Mevrouw Minh Nguyet, wiskundedocente aan de middelbare school Giang Vo, herinnert leerlingen aan belangrijke onderdelen waarmee ze kunnen voorkomen dat ze punten verliezen bij elk type vraag op het wiskunde-examen voor de 10e klas in Hanoi .
Het toelatingsexamen voor de 10e klas van Hanoi vindt dit jaar plaats van 10 tot en met 11 juni. Kandidaten leggen op de ochtend van 11 juni het wiskunde-examen van 120 minuten af in de vorm van een essay. Volgens mevrouw Minh Nguyet zijn er enkele algemene opmerkingen voor het wiskunde-examen:
- Onderstreep bij het lezen van de vragen de belangrijke woorden met potlood. Schrijf vooral geen foute vragen. Neem even de tijd om te controleren of de vragen die je op het toetsblad schrijft, correct zijn.

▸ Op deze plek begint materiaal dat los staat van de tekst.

(* Each of the [O(exp (3 p h))] new columns at height [h+1] is crossed with failure
   probability at most [exp (-3 p h)], so widening the rectangle costs [O(1)]. *)
Lemma main_step_right_factor h : (h < main_height p)%nat ->
  exp (- (28)) <= (1 - ((1 - p) ^ S (S h)) ^ 3)
                  ^ Z.to_nat (main_width p (S h) - main_width p h).
Proof.
  intros Hh.
  destruct (le_lt_dec (flat_height p) h) as [Hh0|Hh0].
  2:{ replace (main_width p (S h)) with (main_width p h).
      - rewrite Z.sub_diag. simpl. apply exp_opp_le_1. lra.
      - unfold main_width, main_pairs, main_scale. do 6 f_equal. lia. }
  set (w := exp (- (3 * p * INR (S (S h))))).
  assert (Hz : ((1 - p) ^ (S (S h))) ^ 3 <= w) by (apply pow_1_minus_cube_le_exp; lra).
  pose proof flat_height_bounds as [H01 _].
  assert (Hw1 : w <= 1 / 2).
  { eapply Rle_trans; [|apply exp_m1_le_half]. apply exp_le_mono.
    assert (INR (flat_height p) <= INR (S (S h))) by (apply le_INR; lia). nra. }
  assert (Hw0 : 0 < w) by apply exp_pos.
  set (n := Z.to_nat (main_width p (S h) - main_width p h)).
  pose proof (main_width_increment_le h Hh0) as Hn. fold n in Hn.
  eapply Rle_trans; [|apply (exp_le_pow _ (2 * w)); [lra|]].
  - apply exp_le_mono.
    assert (Hwe : w * exp (3 * p * INR h) <= 1).
    { unfold w. rewrite <- exp_plus, <- exp_0. apply exp_le_mono. rewrite !S_INR. nra. }
    pose proof (pos_INR n).
    assert (w * INR n <= w * (12 * exp (3 * p * INR h) + 2)) by (apply Rmult_le_compat_l; lra).
    nra.
  - eapply Rle_trans; [apply exp_opp_double_le_1_minus; lra|lra].
Qed.

(* [main_cost h] is the sum of [ell p + ln 2 - 3 p i + 28] over
   [h <= i < main_height p]. *)
Definition main_cost (h : nat) : R :=
  (INR (main_height p) - INR h) * (ell p + ln 2 + 28)
  - (3 * p / 2) * (INR (main_height p) * (INR (main_height p) - 1) - INR h * (INR h - 1)).

Lemma main_cost_S h : main_cost h = (ell p + ln 2 - 3 * p * INR h + 28) + main_cost (S h).
Proof. unfold main_cost. rewrite S_INR. field. Qed.

Lemma main_cost_top : main_cost (main_height p) = 0.
Proof. unfold main_cost. ring. Qed.

Lemma grows_from_main_step h c : (h < main_height p)%nat ->
  grows_from p (main_width p (S h)) (Z.of_nat (S h)) (exp (- c)) ->
  grows_from p (main_width p h) (Z.of_nat h)
    (exp (- ((ell p + ln 2 - 3 * p * INR h + 28) + c))).
Proof.
  intros Hh HG.
  assert (Hp1 : 0 < p < 1) by lra.
  pose proof (main_width_le_box (S h) ltac:(lia)) as HS1.
  pose proof main_height_le_box as HS2.
  pose proof (main_pairs_bounds p h ltac:(lra)) as [HK1 _].
  set (n := Z.to_nat (main_width p (S h) - main_width p h)).
  pose proof (grows_from_steps_right3 p Hp1 _ _ _ HG ltac:(left; apply exp_pos) HS1
                ltac:(lia) n (main_width p h) ltac:(unfold main_width; lia)
                ltac:(unfold n; lia)) as Hright.
  rewrite Nat2Z.id in Hright.
  apply grows_from_cost with (c' := 28) in Hright; [|now apply main_step_right_factor].
  replace (Z.of_nat (S h)) with (Z.of_nat h + 1)%Z in Hright by lia.
  pose proof (grows_from_step_up p Hp1 _ _ (Z.to_nat (main_pairs p h)) _ Hright
                ltac:(lia) ltac:(lia) ltac:(unfold main_width; lia)) as Hup.
  apply grows_from_cost with (c' := ell p + ln 2 - 3 * p * INR h) in Hup;
    [|now apply main_step_up_factor].
  eapply grows_from_le; [exact Hup|]. right. f_equal. ring.
Qed.
(* Let $X,A^+,G,cost$ and the program $P$ be as in the context. For an interpretation $M$, let $c(M)=\sum_{\vec a\in A^+,\ a\in M} cost(\vec a)$. If $P$ has a stable model, then $\min\{c(M): M \text{ a stable model of } P\}=h^+$. If $P$ has no stable model, then $h^+=\infty$.
   Context: Delete-relaxed planning. Let $X$ be a finite set of atomic propositions, $A^+$ a finite set of actions, $G\subseteq X$ a goal set, and $cost:A^+\to\mathbb{Z}_{\ge 0}$. Each action $\vec a\in A^+$ has a precondition set $pre(\vec a)\subseteq X$ and an add set $add(\vec a)\subseteq X$. There are no delete effects and the initial state is $\emptyset$. A relaxed plan is a finite sequence $\vec a_1,\dots,\vec a_m$ of actions of $A^+$ such that, with $s_0=\emptyset$ and $s_i=s_{i-1}\cup add(\vec a_i)$, we have $pre(\vec a_i)\subseteq s_{i-1}$ for all $i$ and $G\subseteq s_m$. The cost of a relaxed plan is $\sum_i cost(\vec a_i)$. $h^+$ is the minimum cost of a relaxed plan, or $\infty$ if none exists. For every action $\vec a$ there is a propositional atom $a$ (its action atom). Action atoms are pairwise distinct and distinct from the elements of $X$. Logic programs. A normal rule has the form $h\leftarrow b_1,\dots,b_n,\mathtt{not}\,c_1,\dots,\mathtt{not}\,c_m$, and a choice rule has the form $\{h\}\leftarrow b_1,\dots,b_n,\mathtt{not}\,c_1,\dots,\mathtt{not}\,c_m$. The reduct $P^I$ contains: - $h\leftarrow b_1,\dots,b_n$ for each normal rule of $P$ with no $c_j\in I$; - $h\leftarrow b_1,\dots,b_n$ for each choice rule of $P$ with no $c_j\in I$ and $h\in I$. $I$ is a stable model of $P$ if $I$ is the least model of $P^I$. Program $P$ consists of: 1. $g\leftarrow\mathtt{not}\,g$ for every $g\in G$; 2. $\{a\}\leftarrow q_1,\dots,q_n$ for every $\vec a\in A^+$ with $pre(\vec a)=\{q_1,\dots,q_n\}$; 3. $p\leftarrow a$ for every $\vec a\in A^+$ and every $p\in add(\vec a)$. *)

From mathcomp Require Import all_boot.
Set Implicit Arguments. Unset Strict Implicit. Unset Printing Implicit Defensive.
(* Let $A\in\mathcal S_{0,1}$. Then $LJ=J$ and $L(i_VF)=\frac12 i_VF$ for every $V\in\mathbb R^n$.
   Context: $G\subset SO(r)$ compact with Lie algebra $\mathfrak g$; $E$ the trivial $G$-vector bundle over $\mathbb R^n$. Connection $A=A_idx^i$, curvature $F_{ij}=\partial_iA_j-\partial_jA_i+[A_i,A_j]$; repeated indices summed; $\nabla_pT=\partial_pT+[A_p,T]$. $J=\nabla_pF_{pj}dx^j$, $i_VF=V^pF_{pj}dx^j$. $\mathcal S_{0,1}$: connections with $\nabla_pF_{pj}-\frac12x^pF_{pj}=0$ for all $j$ and $\sup|\nabla^kA|<\infty$ for all $k\ge1$. For a $\mathfrak g$-valued 1-form $\theta$: $((d^\nabla)^*d^\nabla\theta)_j=-\nabla_p(\nabla_p\theta_j-\nabla_j\theta_p)$, $\mathcal R(\theta)_j=[F_{pj},\theta_p]$, $(i_{x/2}d^\nabla\theta)_j=\frac12x^k(\nabla_k\theta_j-\nabla_j\theta_k)$, and $L\theta=-[(d^\nabla)^*d^\nabla\theta+\mathcal R(\theta)+i_{x/2}d^\nabla\theta]$. *)

From HB Require Import structures.
From mathcomp Require Import all_boot all_order all_algebra.
From mathcomp Require Import all_classical all_reals all_analysis.
Set Implicit Arguments. Unset Strict Implicit. Unset Printing Implicit Defensive.
Import Order.TTheory GRing.Theory Num.Theory.
Import numFieldNormedType.Exports.
Local Open Scope ring_scope.

Section YM.
Variables (R : realType) (n r : nat).

(* points of R^n are row vectors; x^p is the coordinate x 0 p *)
Definition coord (x : 'rV[R]_n) (p : 'I_n) : R := x ord0 p.

Definition ebasis (i : 'I_n) : 'rV[R]_n := delta_mx ord0 i.

Definition dP (i : 'I_n) (f : 'rV[R]_n -> 'M[R]_r) : 'rV[R]_n -> 'M[R]_r :=
  fun x => \matrix_(a, b) ('D_(ebasis i) (fun y => f y a b) x).

Definition iterD (s : seq 'I_n) (f : 'rV[R]_n -> 'M[R]_r) : 'rV[R]_n -> 'M[R]_r :=
  foldr dP f s.

Definition smooth_mx (f : 'rV[R]_n -> 'M[R]_r) : Prop :=
  forall (s : seq 'I_n) (i : 'I_n) (x : 'rV[R]_n) (a b : 'I_r),
    derivable (fun y => iterD s f y a b) x (ebasis i).

Definition lie (M N : 'M[R]_r) : 'M[R]_r := M *m N - N *m M.

Definition lie_subalg_so (g : set 'M[R]_r) : Prop :=
  [/\ g 0, (forall M N, g M -> g N -> g (M + N)),
      (forall (c : R) M, g M -> g (c *: M)),
      (forall M, g M -> M^T = - M) &
      (forall M N, g M -> g N -> g (lie M N))].

(* a connection A = A_i dx^i, a g-valued 1-gform *)
Definition gform := 'I_n -> 'rV[R]_n -> 'M[R]_r.

Variable A : gform.

Definition curv (i j : 'I_n) : 'rV[R]_n -> 'M[R]_r :=
  fun x => dP i (A j) x - dP j (A i) x + lie (A i x) (A j x).

Definition nabla (p : 'I_n) (T : 'rV[R]_n -> 'M[R]_r) : 'rV[R]_n -> 'M[R]_r :=
  fun x => dP p T x + lie (A p x) (T x).

Definition Jform : gform := fun j x => \sum_p nabla p (curv p j) x.

Definition iVF (V : 'rV[R]_n) : gform := fun j x => \sum_p coord V p *: curv p j x.

Definition soliton_eq : Prop :=
  forall j x, \sum_p nabla p (curv p j) x - 2^-1 *: \sum_p coord x p *: curv p j x = 0.

(* sup |nabla^k A| < oo for all k >= 1, read as: all k-th order partial
   derivatives of the components of A are bounded on R^n *)
Definition bounded_derivs : Prop :=
  forall (s : seq 'I_n), (0 < size s)%N -> forall i, exists C : R,
    forall x a b, `|iterD s (A i) x a b| <= C.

- Presenteer niet onzorgvuldig en neem geen risico's. Wiskundescores worden met twee vermenigvuldigd bij het berekenen van de toelatingsscore, dus elke fout verdubbelt het totale examencijfer.
- Bij het corrigeren moeten leerlingen het foute deel doorstrepen en vervolgens het nieuwe cijfer of de nieuwe letter ernaast schrijven; verbeter niet door het foute deel over te schrijven. Dit is een veelgemaakte fout van leerlingen.
- Wat betreft de tijdsbesteding: lees de hele test door, doe eerst de makkelijke vragen en daarna de moeilijke. Wanneer je je maximale score hebt bereikt, neem dan even de tijd om de oefeningen die je hebt gemaakt te bekijken, zodat je geen ideeën mist die je wel kunt toepassen.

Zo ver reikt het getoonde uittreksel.